The jury is still out on the question how delay is represented in the motor system. Adaptation to delayed information can be obtained by representing the perturbation as time-based or state-based. On one hand, recent studies provided support for time-based representation of delayed feedback (Witney et al., 1999; Levy et al., 2010; Rohde et al., 2014; Leib et al., 2015; Avraham et al., 2017b). In contrast, other studies provided evidences for state-based representation, and that participants were not able to correctly represent the delay as time difference. For example, adding a delay to force feedback affects stiffness perception (Pressman et al., 2007; Nisky et al., 2008, 2010, 2011; Di Luca et al., 2011). Other example comes from the effect of visuomotor delay on movements during adaptation and its transfer (Botzer and Karniel, 2013; Avraham et al., 2017a). This suggest that humans are not able to perceive the delay as time difference between the sensory inputs, and therefore, are unable to realign the different sensory inputs to avoid perceptual biases. Our results are inconsistent with a time-based representation—the participants modified their movements' extent following exposure to delay, and exhibited aftereffects when the delay was unexpectedly removed—if they would represent the delay as time difference they would have modified the timing of their movements rather than the amplitude.

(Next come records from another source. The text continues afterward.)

Lemma positive_invertible_shift n b e : psd n b -> 0 < e -> positive_invertible n (shift n b e).
Proof.
  intros Hb He. split; [apply psd_shift; auto; lra|].
  apply ComplexField.injective_invertible; [apply wf_shift, Hb|].
  apply (shift_injective n b e Hb He).
Qed.

Lemma psd_inverse n p q : psd n p -> wf n q -> mmul n p q = mid n -> mmul n q p = mid n -> psd n q.
Proof.
  intros (Hw & Hh & Hq) Hwq Hpq Hqp. split; [auto | split].
  - rewrite <- (mmul_mid_r n (adj q)), <- Hpq, <- mmul_assoc by (apply wf_adj; auto).
    rewrite <- Hh at 1. rewrite <- adj_mmul, Hpq, adj_mid. apply mmul_mid_l; auto.
  - intros v. fold (qf n q v).
    assert (Hv : forall i, (i < n)%nat -> v i = mv n p (mv n q v) i).
    { intros i Hi. rewrite <- mv_mmul, Hpq, mv_mid; auto. }
    assert (E : qf n q v = Cconj (qf n p (mv n q v))).
    { rewrite (qf_mv n q v), (qf_mv n p), Csum_conj. apply Csum_ext; intros i Hi.
      rewrite Hv at 1 by auto. Cring. }
    rewrite E. apply (Hq (mv n q v)).
Qed.

Definition strictly_increasing (phi : nat -> nat) : Prop := forall k, (phi k < phi (S k))%nat.

Lemma strictly_increasing_ge phi : strictly_increasing phi -> forall k, (k <= phi k)%nat.
Proof. intros Hphi k. induction k; [lia|]. specialize (Hphi k). lia. Qed.

Lemma strictly_increasing_comp phi psi :
  strictly_increasing phi -> strictly_increasing psi -> strictly_increasing (fun k => phi (psi k)).
Proof.
  intros Hphi Hpsi k.
  assert (Hmono : forall a b, (a < b)%nat -> (phi a < phi b)%nat).
  { intros a b Hab. induction Hab; [apply Hphi|]. specialize (Hphi m). lia. }
  apply Hmono, Hpsi.
Qed.

Lemma Un_cv_subseq u l phi :
  strictly_increasing phi -> Un_cv u l -> Un_cv (fun k => u (phi k)) l.
Proof.
  intros Hphi Hu e He. destruct (Hu e He) as [N HN]. exists N. intros k Hk.
  apply HN. pose proof (strictly_increasing_ge phi Hphi k). lia.
Qed.

Lemma Un_cv_const c : Un_cv (fun _ => c) c.
Proof. intros e He. exists 0%nat. intros. unfold Rdist. rewrite Rminus_diag, Rabs_R0. exact He. Qed.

Once agreed on a state-based representation, which one is used? One possible representation of delay is modification of mass estimation when interacting with robotics arm (Farshchian et al., 2018). This representation cannot be used in our case, as the construction of robotic arm used in our experiment was symmetric. In addition, it was suggested that the misalignment between the hand and the cursor is interpreted as a mechanical load of mass (the cursor) with a spring and a damper that connects between the hand and the cursor. This model was used to explain the changes in grip forces accompanied with delayed visual feedback (Sarlegna et al., 2010), the changes in resistive sensation following adaptation to visuomotor delay (Takamuku and Gomi, 2015), and the generalization between adapting to a visuomotor delay or to a mechanical system between the hand and the cursor (Leib et al., 2017). Another possible state-based representation of visuomotor delay is considering an increase in gain between the hand and the cursor (Avraham et al., 2017a). Both mechanical system and gain representation can be used to explain the hypermetria in our results. Therefore, for simplicity of implementation and interpretation, in our computational model we used the simple gain representation of the delayed visual feedback. Using this gain representation, we were able to simulate the results observed in our experiment both in reaching and blind drawing tasks. However, this particular choice is not critical in our current work, and any remapping that could reproduce elongated reaches and circles could be used to demonstrate the predictions of the different laterality effects.
On the Other Hand?
It is potentially interesting to repeat our experiments with the left hand of either right- or left-handed individuals. However, right-handed individuals use additional cognitive structures outside of the motor system to learn a motor task with the left hand (Grafton et al., 2002). Therefore, examining adaptation to delay with the left hand is not likely to provide a substantial contribution to the validation of our model. Furthermore, testing our model with left-handed participants may also be of limited value for testing our current hypotheses as there are many differences between left and right handed, as demonstrated in the evidence that the cerebral organizations of the hemispheres are not mirror images of each other (Wolff et al., 1977). Such differences were observed in the functional connectivity between motor areas in the two hemispheres in a resting state, which was significantly higher for right handed participants (Pool et al., 2015). This functional connectivity between the hemispheres in right handed may play an important role in learning lateralized perturbation such as the one presented in our study. Therefore, we think that it is interesting to study left-handed individuals, but it is outside of the scope of the current study.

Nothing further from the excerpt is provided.